Will Landlords have to pay up to £5000 towards energy efficiency improvements next year?

Will Landlords have to pay up to £5000 towards energy efficiency improvements next year?

Landlords should be aware that from 1st April 2018, new Minimum Energy Efficiency Standards (MEES) will prohibit landlords from granting new tenancies (or renewing/extending existing tenancies) for properties with an EPC rating of F or G. The Government has now signalled their intention to toughen the regulations even further.

As it stands currently, landlords can register an exemption if there is no third-party funding available for improvement works as the regulations include a “no upfront costs” rule. This would have been fine if the Green Deal worked as intended when the regulations were made back in 2015 but its failure means a lot of otherwise affected properties could be made exempt due to lack of available finance.

You can read more about the minimum standards and find detailed guidance here.

The Government is well aware of this potential loophole, and had intended to amend the regulations earlier this year to replace the “no upfront costs” rule with a “cost cap”, whereby landlords would have to fund improvements themselves up to a certain level. This is the route being taken by the Scottish Government in their PRS energy efficiency plans.

Unfortunately for the Government, Theresa May called a snap election that put everything on hold and they ran out of time to make the changes. The new Minister of State for Climate Change, Claire Perry MP, recently wrote to us confirming that the “cost cap” was very much still on the agenda, despite the minimum standards coming into force in less than 6 months:

“As you are ware, over the past year officials have been exploring options for a ‘landlord cost cap’ as an alternative way of delivering a meaningful number of improvements in the absence of a nationally available Green Deal finance offer.

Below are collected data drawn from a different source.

(* 1 / |N_i| as a finite sum of indicators, so that measurability of the
   average reduces to sums, products and comparisons. *)
Lemma nbr_avgE (r x : 'I_n -> R) i :
  nbr_avg r x i = (\sum_(j < n) (if nbr r x i j then x j else 0)) *
    \sum_(k < n.+1) (if \sum_(j < n) (if nbr r x i j then 1 else 0) == k%:R :> R
                     then k%:R^-1 else 0).
Proof.
rewrite /nbr_avg -big_mkcond /=; congr (_ * _).
set S := [pred j | nbr r x i j].
have -> : \sum_(j < n) (if nbr r x i j then 1 else 0) = #|S|%:R :> R.
  by rewrite -big_mkcond /= -sum1_card natr_sum; apply: eq_bigl => j; rewrite inE.
have cS : (#|S| < n.+1)%N by rewrite ltnS (leq_trans (max_card _)) // card_ord.
rewrite (bigD1 (Ordinal cS)) //= eqxx big1 ?addr0 // => k kS.
by rewrite eqr_nat; case: eqP => // Sk; move: kS; rewrite -(inj_eq val_inj) /= Sk eqxx.
Qed.

Lemma measurable_traj (r : 'I_n -> R) (xi : 'I_n -> nat -> T -> R) x0 :
  (forall i t, measurable_fun setT (xi i t)) ->
  forall t i, measurable_fun setT (fun w => traj r xi x0 t w i).
Proof.
move=> mxi; elim=> [|t IH] i; first exact: measurable_cst.
have mnbr j : measurable_fun setT (fun w => nbr r (traj r xi x0 t w) i j).
  apply: measurable_fun_ler; last exact: measurable_cst.
  by apply: measurableT_comp => //; exact: measurable_funB.
apply: measurableT_comp measurable_proj01 _; apply: measurable_funD => //.
under eq_fun do rewrite nbr_avgE; apply: measurable_funM.
  by apply: measurable_sum => j; apply: measurable_fun_ifT.
apply: measurable_sum => k; apply: measurable_fun_ifT => //.
apply: measurable_fun_eqr => //.
by apply: measurable_sum => j; apply: measurable_fun_ifT.
Qed.

Lemma measurable_bigmax (I : Type) (s : seq I) (f : I -> T -> R) :
  (forall i, measurable_fun setT (f i)) ->
  measurable_fun setT (fun w => \big[Order.max/0]_(i <- s) f i w).
Proof.
move=> mf; elim: s => [|i s IH].
  by under eq_fun do rewrite big_nil; exact: measurable_cst.
by under eq_fun do rewrite big_cons; exact: measurable_maxr.
Qed.

Lemma measurable_diam (f : 'I_n -> T -> R) :
  (forall i, measurable_fun setT (f i)) ->
  measurable_fun setT (fun w => diam (fun i => f i w)).
Proof.
move=> mf; do 2!apply: measurable_bigmax => ?.
by apply: measurableT_comp => //; exact: measurable_funB.
Qed.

No decisions have yet been taken on this proposal, but Ministerial colleagues and I are carefully considering the impacts on all parties, including landlords and tenants. I hope to be able to announce decisions shortly…”

Read the Minister’s letter in full here.

Last week the Government published its Clean Growth Strategy setting out an ambitious target to bring all private rented sector properties up to an EPC rating of C by 2030 “where practical, cost-effective and affordable.”

The Strategy also suggests an imminent changing of the regulations underpinning the minimum energy efficiency standards, with the Government stating they “will consult shortly on steps to make these regulations more effective.”

While we await a more definitive announcement regarding the Minister’s intentions, it seems likely that removing the “no upfront costs” rule from the regulations will form part of her plan to increase the effectiveness of the minimum standards.

For now, landlords with properties rated F&G should make sure they have read the guidance available here, and register any valid exemptions before 1st April 2018. Failure to comply with the regulations could leave you with a fine of up to £5,000.

The Case for Incentives

While energy efficiency in the PRS has improved, with properties in the F&G efficiency bands down from 20.5% in 2008, to 6.3% in 2015-16, the sector has unique challenges to overcome (not least because a third of PRS properties were built pre-1919).

The NLA believes that the toughening-up of these regulations with the accompanying financial burden they place on landlords at a time the Section 24 tax changes start to bite is ill-advised (to put it very mildly!).

Instead, we have called on the Government to reintroduce the Landlord Energy Saving Allowance (LESA) in the Autumn Budget next month to incentivise rather than punish – a policy that even Corbyn’s Labour Party supports.

Until the Government changes its mind on Section 24, the allowance could be used as an outlet for the worst impacts of the changes. It would also allow landlords to directly benefit from improving their properties while at the same time allowing all tenants to benefit from lower energy bills and warmer homes, rather than just those in F&G rated properties.

In his speech to the Conservative Party Conference earlier this month, Communities Secretary Sajid Javid promised that the upcoming Autumn Budget will introduce incentives for landlords who “are doing the right thing.”

We’ll have to wait until 22nd November to see if LESA is included as one of those incentives.

3 thoughts on “Will Landlords have to pay up to £5000 towards energy efficiency improvements next year?

  1. I have a listed grade 2 building with an EPC ( mistakenly taken out) with an FG rating.
    As I have the EPC will I be obliged to carry out the improvements?

  2. Have HMG thought through the implications of the simultaneous effect of the 3% stamp duty hike, section 23, MEES and potentially the rapid rise in interest rates next year on the rental housing market? Many of us will just sell and re-invest elsewhere, not necessarily in UK based enterprises or stocks, and the effect of a massive rapid liquidation of fixed assets to a nation’s economy can be just as disastrous as a rapid inflation, especially if they act simultaneously. Surely someone at the Treasury can stop counting beans long enough to explain this to The Chancellor?

  3. We have a Victorian terraced property for letting which has not managed the E rating. There is no gas central heating which puts us at a disadvantage. We researched the market for the most energy efficient electric heaters which are not recognised as such by the rules. Only storage heaters which with modern technology are not necessarily the most efficient heating to have.